Отец тоже был гениальным биохимиком и, конечно, тоже работал на ту же структуру. Правда, его разработки лежали в другой сфере – он искал «сыворотку правды», препарат, блокирующий способность врать. Насколько я знаю, разработать такой препарат не удалось никому, но если кто-то был к этому близок, так это мой отец, Петр Павлович Сидорчук. Не знаю, что именно на него повлияло, но работа сделала его законченным пацифистом.

Отец умер в тысяча девятьсот девяносто первом году, через пятнадцать минут после того, как узнал о самоубийстве Крючкова[113], – сердце. Брату было пятнадцать, мне – четыре. Мы оба были прилежными учениками, золотыми медалистами, оба с отличием окончили университет – брат стал химиком, я – микробиологом. Но перед этим у нашей семьи был очень сложный период. Мы потеряли отца, а с ним – благополучие и безопасность. Союз развалился, наша семья осталась на Украине. Наступили «лихие девяностые» – в России было плохо, а на Украине – ещё хуже. Нас спас Пётр. Не знаю, с кем он тогда связался, но деньги вновь появились и по тем временам – очень солидные. Мы с мамой даже не заметили, что что-то изменилось в жизни.

Потом я узнал, что Петр разрабатывал наркотики для мусульманских фундаменталистов, поставлявших их в Европу. Он водился с людьми Масхадова[114], с афганцами, потом – с албанскими косоварами[115]. На этом он сколотил себе состояние, и в начале нулевых стал долларовым миллионером. Брат погиб в феврале две тысячи шестнадцатого в загадочной автокатастрофе – может быть, его убрали. Но к тому моменту он успел познакомить меня с Коэном.
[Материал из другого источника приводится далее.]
(* Let $k$ and $\ell$ be positive integers with $k\ge 3$. Then there exists a positive integer $N_2$ such that $px_{k,\ell}(K_{n,n})=2$ for every integer $n\ge N_2$.
   Context: All graphs are finite, simple and undirected; $K_{n,n}$ is the complete bipartite graph with both parts of size $n$. An edge-coloring of a graph may assign the same color to adjacent edges. A tree $T$ in an edge-colored graph is a proper tree if no two adjacent edges of $T$ receive the same color. For $S\subseteq V(G)$ with $|S|\ge 2$, an $S$-tree is a tree in $G$ containing all vertices of $S$. $S$-trees $T_1,\dots,T_\ell$ are internally disjoint if $E(T_i)\cap E(T_j)=\emptyset$ and $V(T_i)\cap V(T_j)=S$ for all $i\ne j$. For a connected graph $G$ of order $n$ and integers $k,\ell$ with $2\le k\le n$ and $1\le \ell\le \kappa_k(G)$ (where $\kappa_k(G)$ is the minimum, over all $k$-subsets $S$ of $V(G)$, of the maximum number of internally disjoint $S$-trees), the $(k,\ell)$-proper index $px_{k,\ell}(G)$ is the minimum number of colors in an edge-coloring of $G$ such that for every $k$-subset $S$ of $V(G)$ there exist $\ell$ internally disjoint proper $S$-trees. *)

From mathcomp Require Import all_boot.
Set Implicit Arguments. Unset Strict Implicit. Unset Printing Implicit Defensive.

(* Edges are represented as 2-element
   vertex sets [set x; y]; an edge-coloring with c colors is any function
   {set T} -> 'I_c (its values on non-edges are irrelevant). *)

Section Graphs.
Variables (T : finType) (adj : rel T).

Definition simple_graph := symmetric adj /\ irreflexive adj.

Definition gedges : {set {set T}} :=
  [set e : {set T} | [exists x, exists y, adj x y && (e == [set x; y])]].

Definition connected_graph : Prop := forall x y : T, connect adj x y.

Definition subgraph (V : {set T}) (E : {set {set T}}) : Prop :=
  E \subset gedges /\ forall e, e \in E -> e \subset V.

Definition eadj (E : {set {set T}}) : rel T := fun x y => [set x; y] \in E.

Definition sub_connected (V : {set T}) (E : {set {set T}}) : Prop :=
  forall x y, x \in V -> y \in V -> connect (eadj E) x y.

Definition sub_acyclic (E : {set {set T}}) : Prop :=
  forall p : seq T, uniq p -> 3 <= size p -> ~~ cycle (eadj E) p.

Definition is_tree (V : {set T}) (E : {set {set T}}) : Prop :=
  subgraph V E /\ V != set0 /\ sub_connected V E /\ sub_acyclic E.

Definition proper_sub (c : nat) (col : {set T} -> 'I_c) (E : {set {set T}}) : Prop :=
  forall e1 e2, e1 \in E -> e2 \in E -> e1 != e2 -> e1 :&: e2 != set0 ->
    col e1 != col e2.

Definition S_tree (S V : {set T}) (E : {set {set T}}) : Prop :=
  is_tree V E /\ S \subset V.

Definition int_disjoint (S : {set T}) (l : nat)
  (F : 'I_l -> {set T} * {set {set T}}) : Prop :=
  (forall i, S_tree S (F i).1 (F i).2) /\
  (forall i j, i != j -> (F i).2 :&: (F j).2 = set0 /\ (F i).1 :&: (F j).1 = S).

Definition kappa_ge (k l : nat) : Prop :=
  forall S : {set T}, #|S| = k -> exists F : 'I_l -> {set T} * {set {set T}},
    int_disjoint S F.

Definition px_good (k l c : nat) : Prop :=
  exists col : {set T} -> 'I_c,
    forall S : {set T}, #|S| = k ->
      exists F : 'I_l -> {set T} * {set {set T}},
        int_disjoint S F /\ forall i, proper_sub col (F i).2.

(* px_{k,l}(G) = p : the parameter is defined (G connected, 2 <= k <= |V|,
   1 <= l <= kappa_k(G)) and p is the minimum number of colors of a good coloring *)
Definition px_is (k l p : nat) : Prop :=
  [/\ connected_graph, 2 <= k <= #|T|, 1 <= l, kappa_ge k l &
      px_good k l p /\ forall q, px_good k l q -> p <= q].

End Graphs.

Definition Knn_adj (n : nat) : rel ('I_n + 'I_n)%type :=
  fun x y => match x, y with
             | inl _, inr _ | inr _, inl _ => true
             | _, _ => false
             end.
Arguments Knn_adj n : clear implicits.

From Pilot Require Import Defs.
From mathcomp Require Import all_boot zify.
Set Implicit Arguments. Unset Strict Implicit. Unset Printing Implicit Defensive.

(* Colour the edge {u, v} of K_{n,n} by the parity of the sum of the indices
   of u and v.  A path whose t-th vertex lies on side [odd t] and has an index
   of parity [odd t./2] is then properly coloured: consecutive edges share a
   vertex, and their other endpoints have indices of different parities.
   Given a k-set S, each of the l trees is such a path of length 8k: the
   vertex of S of rank a sits at position 8a + slot, where slot < 4 encodes
   its side and parity, and every other position carries a vertex outside S,
   distinct for distinct trees and positions (there are enough of them once
   n is large).  No two vertices of S are consecutive on a path, so every
   edge has an endpoint outside S and the paths are internally disjoint.
   One colour does not suffice: a proper tree with one colour is a matching,
   so it cannot connect three vertices. *)

Lemma eq_set2 (T : finType) (a b c d : T) : [set a; b] = [set c; d] ->
  (a = c /\ b = d) \/ (a = d /\ b = c).
Proof.
move=> E.
have ha : a \in [set c; d] by rewrite -E set21.
have hb : b \in [set c; d] by rewrite -E set22.
have hc : c \in [set a; b] by rewrite E set21.
have hd : d \in [set a; b] by rewrite E set22.
by move: ha hb hc hd => /set2P[]-> /set2P[]-> /set2P[] h1 /set2P[] h2; subst; auto.
Qed.

Section PathTrees.
Variables (T : finType) (f : nat -> T) (L : nat).

Definition path_vset : {set T} := [set f (val t) | t : 'I_L].
Definition path_eset : {set {set T}} := [set [set f (val t); f (val t).+1] | t : 'I_L.-1].

Lemma path_vsetP v : reflect (exists2 t, t < L & v = f t) (v \in path_vset).
Proof.
apply: (iffP imsetP) => [[t _ ->]|[t ht ->]]; first by exists (val t) => //; apply: ltn_ord.
by exists (Ordinal ht).
Qed.

Lemma path_esetP e :
  reflect (exists2 t, t.+1 < L & e = [set f t; f t.+1]) (e \in path_eset).
Proof.
apply: (iffP imsetP) => [[t _ ->]|[t ht ->]].
  by exists (val t) => //; case: t => /= t; lia.
have ht' : t < L.-1 by lia.
by exists (Ordinal ht').
Qed.

Lemma path_eset_sub e : e \in path_eset -> e \subset path_vset.
Proof.
move=> /path_esetP[t ht ->]; apply/subsetP => v /set2P[]->; apply/path_vsetP.
  by exists t => //; lia.
by exists t.+1.
Qed.

Lemma path_eadjP x y : reflect
  (exists2 t, t.+1 < L & (x = f t /\ y = f t.+1) \/ (x = f t.+1 /\ y = f t))
  (eadj path_eset x y).
Proof.
apply: (iffP (path_esetP _)) => [[t ht /eq_set2 xy]|[t ht [[-> ->]|[-> ->]]]].
- by exists t.
- by exists t.
- by exists t; rewrite // setUC.
Qed.

Lemma eadj_path_sym : symmetric (eadj path_eset).
Proof. by move=> x y; rewrite /eadj setUC. Qed.

Lemma path_connected : 0 < L -> sub_connected path_vset path_eset.
Proof.
move=> L_gt0.
have from0 t : t < L -> connect (eadj path_eset) (f 0) (f t).
  elim: t => [|t IH] ht; first exact: connect0.
  apply: connect_trans (IH (ltnW ht)) (connect1 _).
  by apply/path_eadjP; exists t; first by []; left.
move=> x y /path_vsetP[s hs ->] /path_vsetP[t ht ->].
apply: connect_trans (from0 t ht).
by rewrite (sym_connect_sym eadj_path_sym); apply: from0.
Qed.

Hypothesis f_inj : forall s t, s < L -> t < L -> f s = f t -> s = t.

Lemma path_acyclic : sub_acyclic path_eset.
Proof.
move=> [|x p] // p_uniq p_size; apply/negP => p_cycle.
have onp : exists t, (t < L) && (f t \in x :: p).
  move: p_cycle; rewrite /= rcons_path => /andP[_ /path_eadjP[t ht [[_ fx]|[_ fx]]]].
    by exists t.+1; rewrite ht -fx mem_head.
  by exists t; rewrite (ltnW ht) -fx mem_head.
case: (ex_minnP onp) => t /andP[tL tp] t_min.
have [i q rot_p] := rot_to tp.
have q_uniq : uniq (f t :: q) by rewrite -rot_p rot_uniq.
have q_cycle : cycle (eadj path_eset) (f t :: q) by rewrite -rot_p rot_cycle.
have q_sub y : y \in q -> y \in x :: p.
  by move=> yq; rewrite -(mem_rot i) rot_p inE yq orbT.
have nbr y : y \in q -> eadj path_eset (f t) y -> y = f t.+1.
  move=> yq /path_eadjP[s hs [[/f_inj ts ->]|[/f_inj ts ys]]].
    by rewrite ts //; lia.
  have := t_min s; rewrite -ys q_sub // (ltnW hs) ts //; lia.
have q_size : 2 <= size q by move: p_size; rewrite -(size_rot i) rot_p.
case: q rot_p q_uniq q_cycle q_sub nbr q_size => [|y [|z r]] // _ q_uniq.
rewrite /= rcons_path => /and4P[ty _ _ zt] _ nbr _.
rewrite eadj_path_sym in zt.
have yl : y = last z r.
  by rewrite (nbr y) ?mem_head // (nbr _ _ zt) // inE mem_last orbT.
by move: q_uniq; rewrite !cons_uniq yl mem_last andbF.
Qed.

Lemma path_is_tree (adj : rel T) : 0 < L ->
  (forall t, t.+1 < L -> adj (f t) (f t.+1)) -> is_tree adj path_vset path_eset.
Proof.
move=> L_gt0 f_adj; split; last split; last split.
- split.
    apply/subsetP => e /path_esetP[t ht ->]; rewrite inE.
    by apply/existsP; exists (f t); apply/existsP; exists (f t.+1); rewrite f_adj ?eqxx.
  exact: path_eset_sub.
- by apply/set0Pn; exists (f 0); apply/path_vsetP; exists 0.
- exact: path_connected.
- exact: path_acyclic.
Qed.

Lemma path_proper c (col : {set T} -> 'I_c) :
  (forall t, t.+2 < L -> col [set f t; f t.+1] != col [set f t.+1; f t.+2]) ->
  Defs.proper_sub col path_eset.
Proof.
move=> col_ne e1 e2 /path_esetP[s hs ->] /path_esetP[t ht ->] e12 /set0Pn[v].
rewrite inE => /andP[/set2P vs /set2P vt].
have adjacent : s.+1 = t \/ t.+1 = s.
  case: vs vt => -> [] /f_inj fst.
  - by move: e12; rewrite fst ?eqxx //; lia.
  - by right; symmetry; apply: fst; lia.
  - by left; apply: fst; lia.
  - by move: e12; rewrite (eq_add_S _ _ (fst _ _)) ?eqxx //; lia.
case: adjacent hs ht => <- hs ht; first exact: col_ne.
by rewrite eq_sym; apply: col_ne.
Qed.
Мистер Коэн был представителем компании Metabiota. По его словам, компания занималась разработкой новых методов лечения болезней, в частности – предотвращением пандемий и эпидемий. Брат охарактеризовал меня как микробиолога от Бога – скажу без ложной скромности, это так и есть. К моменту нашего знакомства у меня в семье был кризис – жена пилила меня за то, что я сижу на шее у брата, и я готов был взяться за любую работу, лишь бы получить независимость. Мои услуги оплачивались очень хорошо, настолько хорошо, что я не особо задумывался над тем, что я делаю и зачем это нужно.

А занимался я разработкой вирусов. Коэн объяснил мне, что для тестирования препаратов нужны вирусы, которых пока ещё нет в природе, но которые могут появиться. Меня устроило это объяснение. Возможно, я просто не хотел знать правду. Я штамповал вирусы, передавал разработки Коэну и получал очень хорошие премиальные. В семье наступил лад. Мы купили дом в Конче-Заспе, элитнейшем коттеджном посёлке Украины. Жена и дочь мотались по заграницам – я с ними почти не ездил, много было работы.

На меня никак не повлиял ни Майдан, ни начало АТО… точнее, АТО повлияло. Однажды Коэн стал настаивать на том, чтобы я лично контролировал протекание болезни у добровольцев, дабы вносить корректировки в геном новых микроорганизмов. Тогда я заметил, что «добровольцы» не совсем добровольцы, а иногда – совсем не. Вирусы прививали людям измождённым, избитым, со следами пыток…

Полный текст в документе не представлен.